Побродив по рынку, Глеб пошёл обратно к остановке. Он так и не решил, куда ему ехать. У ларьков играл тот самый панк из автобуса, и Глеб решил постаять и послушать.
Тот пел всякую русскую рок-классику и какие-то, видимо местные, балладки с заметным гопническим налётом. Глеб уже собрался было уходить и бросил в шапку парню десять гривен.
- О! Братан, спасибо! Вижу, ты тоже песни такие любишь? - оживился носитель ирокеза.
- Ну, так... Раньше слушал. Сейчас всё больше музыку посложнее, но в том же ключе...
- А пивасик пьёшь?
- Больше вино люблю.
- Ну, так пошли во Флинт! Посидим, побазарим за жизнь!
- Куда?
- Во Флинт. Это кафешка здесь рядом.
- Ладно, пойдём.
Панк быстро свернулся и они пошли.
- Меня Кирюха зовут, или Кир просто. А тя как зовут и чем занимаешься?

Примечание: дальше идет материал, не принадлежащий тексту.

(* x lies in the valuation ring of P (for x in a finite extension of Q this is
   integrality in the completion at P). *)
Definition P_integral (P : pred algC) (x : algC) : Prop :=
  exists a b : algC, [/\ a \in Aint, b \in Aint, b \notin P & x = a / b].

Definition unity_roots (m : nat) : seq algC :=
  let z := sval (C_prim_root_exists (ltn0Sn m.-1)) in [seq z ^+ i | i <- iota 0 m].

Definition teich (P : pred algC) (p : nat) (a : nat) : algC :=
  if (p %| a)%N then 0 else head 0 [seq x <- unity_roots p.-1 | P (x - a%:R)].

(* E_{n,psi} for psi of conductor F, defined by the generating function
     2 sum_{a=1}^F (-1)^a psi(a) e^{at} / (e^{Ft}+1) = sum_n E_{n,psi} t^n/n!,
   i.e. (multiplying by e^{Ft}+1 and comparing coefficients of t^n/n!)
     E_n + sum_{j=0}^n C(n,j) F^(n-j) E_j = 2 sum_{a=1}^F (-1)^a psi(a) a^n. *)
Definition euler_rhs (F : nat) (psi : nat -> algC) (n : nat) : algC :=
  2 * \sum_(1 <= a < F.+1) (-1) ^+ a * psi a * (a%:R) ^+ n.

Fixpoint euler_seq (F : nat) (psi : nat -> algC) (n : nat) : seq algC :=
  match n with
  | 0 => [:: euler_rhs F psi 0 / 2]
  | m.+1 => let s := euler_seq F psi m in
      rcons s ((euler_rhs F psi m.+1
                - \sum_(j < m.+1) ('C(m.+1, j))%:R * (F%:R) ^+ (m.+1 - j) * s`_j) / 2)
  end.

Definition gen_euler (F : nat) (psi : nat -> algC) (n : nat) : algC :=
  (euler_seq F psi n)`_n.

Definition chi_tw (P : pred algC) (p f : nat) (chi : nat -> algC) (n : nat) : nat -> algC :=
  fun a => if coprime a (lcmn f p) then chi a * (teich P p a) ^- n else 0.

Definition chi_n P p f chi n : nat -> algC := prim_assoc (lcmn f p) (chi_tw P p f chi n).
Definition cond_n P p f chi n : nat := conductor (lcmn f p) (chi_tw P p f chi n).

Definition eps (P : pred algC) (p f : nat) (chi : nat -> algC) (n : nat) : algC :=
  (1 - chi_n P p f chi n p * (p%:R) ^+ n) * gen_euler (cond_n P p f chi n) (chi_n P p f chi n) n.

Definition Delta (c k : nat) (a : nat -> algC) (n : nat) : algC :=
  \sum_(j < k.+1) ('C(k, j))%:R * (-1) ^+ (k - j) * a (n + j * c)%N.

From HB Require Import structures.
From mathcomp Require Import all_boot all_order all_algebra all_field all_solvable.
From mathcomp Require Import ring zify.
From Stdlib Require Import FunctionalExtensionality.
Import Order.TTheory GRing.Theory Num.Theory.
Local Open Scope ring_scope.
Set Implicit Arguments. Unset Strict Implicit. Unset Printing Implicit Defensive.

(* Since [c] is a multiple of [p - 1], the twisted characters [chi_(n + j c)] all
   coincide with one primitive character [psi] of odd conductor [F].  Summing the
   recurrence defining [E_(m,psi)] over an odd number [r] of periods gives
   [E_(m,psi) = sum_(a <= F r) (-1)^a psi(a) a^m] modulo [F r].  Comparing [r = p^(k+1)]
   with [r = p^k] and splitting off the multiples of [p], [(1 - psi(p) p^m) E_(m,psi)]
   is congruent modulo [p^k] to the same sum restricted to [a] prime to [p].  On such
   a sum [Delta_c^k] produces the factor [(a^c - 1)^k], divisible by [p^k] by Fermat. *)

Section PrimeIdeal.
Variables (p : nat) (P : pred algC).
Hypothesis HP : prime_ideal_above p P.

Lemma Pideal0 : (0 : algC) \in P. Proof. by case: HP => [[]]. Qed.
Lemma Pideal1 : (1 : algC) \notin P. Proof. by case: HP => [[]]. Qed.
Lemma Pideal_natp : (p%:R : algC) \in P. Proof. by case: HP => [[]]. Qed.

Lemma PidealD x y : x \in P -> y \in P -> x + y \in P.
Proof. by case: HP => [_ [H _ _]]; apply: H. Qed.

Lemma PidealMl x y : x \in Aint -> y \in P -> x * y \in P.
Proof. by case: HP => [_ [_ H _]]; apply: H. Qed.

Lemma PidealMr x y : x \in P -> y \in Aint -> x * y \in P.
Proof. by move=> Px Ay; rewrite mulrC; apply: PidealMl. Qed.

Lemma Pideal_prime x y :
  x \in Aint -> y \in Aint -> x * y \in P -> (x \in P) || (y \in P).
Proof. by case: HP => [_ [_ _ H]]; apply: H. Qed.

Lemma PidealN x : x \in P -> - x \in P.
Proof. by move=> Px; rewrite -mulN1r PidealMl ?rpredN ?rpred1. Qed.

Lemma PidealB x y : x \in P -> y \in P -> x - y \in P.
Proof. by move=> Px Py; rewrite PidealD ?PidealN. Qed.

Lemma Pideal_nat_dvd m : (p %| m)%N -> (m%:R : algC) \in P.
Proof. by move=> /dvdnP[q ->]; rewrite natrM PidealMl ?rpred_nat ?Pideal_natp. Qed.

Lemma Pideal_prodP (I : eqType) (r : seq I) (F : I -> algC) :
  (forall i, F i \in Aint) -> \prod_(i <- r) F i \in P -> exists2 i, i \in r & F i \in P.
Proof.
move=> AF; elim: r => [|a r IHr]; first by rewrite big_nil (negPf Pideal1).
rewrite big_cons => /(Pideal_prime (AF a) (rpred_prod _ (fun i _ => AF i))).
case/orP => [Pa | /IHr[i ri Pi]]; first by exists a; rewrite ?mem_head.
by exists i; rewrite // in_cons ri orbT.
Qed.

Lemma Pideal_prod (I : eqType) (r : seq I) (F : I -> algC) i0 :
  (forall i, F i \in Aint) -> i0 \in r -> F i0 \in P -> \prod_(i <- r) F i \in P.
Proof.
move=> AF; elim: r => [|a r IHr] //; rewrite in_cons big_cons.
case/orP => [/eqP <- Pi | ri Pi]; first by rewrite PidealMr ?rpred_prod.
by rewrite PidealMl ?IHr.
Qed.

Lemma Pideal_mul_notin x y :
  x \in Aint -> y \in Aint -> x \notin P -> y \notin P -> x * y \notin P.
Proof.
by move=> Ax Ay Px Py; apply/negP=> /(Pideal_prime Ax Ay); rewrite (negPf Px) (negPf Py).
Qed.

Lemma Pideal_notin_neq0 x : x \notin P -> x != 0.
Proof. by apply: contraNneq => ->; apply: Pideal0. Qed.

Lemma P_integral_Aint x : x \in Aint -> P_integral P x.
Proof. by move=> Ax; exists x, 1; rewrite divr1 rpred1 Pideal1. Qed.

Lemma P_integral_nat m : P_integral P m%:R.
Proof. exact/P_integral_Aint/rpred_nat. Qed.

Lemma P_integral_div x b :
  b \in Aint -> b \notin P -> P_integral P x -> P_integral P (x / b).
Proof.
move=> Ab Pb [u [v [Au Av Pv ->]]]; exists u, (v * b).
by rewrite rpredM ?Pideal_mul_notin // invfM mulrA.
Qed.

Lemma P_integralD x y : P_integral P x -> P_integral P y -> P_integral P (x + y).
Proof.
move=> [a [b [Aa Ab Pb ->]]] [c [d [Ac Ad Pd ->]]].
exists (a * d + c * b), (b * d); rewrite ?rpredD ?rpredM ?Pideal_mul_notin //.
have b0 := Pideal_notin_neq0 Pb; have d0 := Pideal_notin_neq0 Pd.
by split=> //; field; apply/andP.
Qed.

- Глеб. Вообще-то я священник...
- Та ну ладно! Брешешь! Священник рок слушает и в автобусе ездит? это ж анекдот!
- Среди священников и не такие бывают...
- А ты сам-то откуда?
- Из Москвы.
- Ну, тогда понятно! У вас там в Москве чё только нет! Я-то местный...
Они зашли в незаметную дверь в ряду палаток и магазинчиков и
оказались в прокуренном кабаке. На покрашенной приторно ярким изумрудным цветом стене красовался календарь с котятами. У стойки прямо при входе стояла очередь, но Кир уверенно прошествовал мимо. Дальше было ещё два зала: налево и прямо. Они пошли прямо.
Здесь антураж был получше: пластмасса под дерево и круглые окна в виде иллюминаторов, выходившие во двор. Единственное квадратное окно было в изумрудный зал, но его заложили кирпичом, а раму оставили. Почему- то Глебу стало от этого хорошо, да и вся обстановка была погружением в какой-то другой мир, хаотичный и диковатый, но не злой.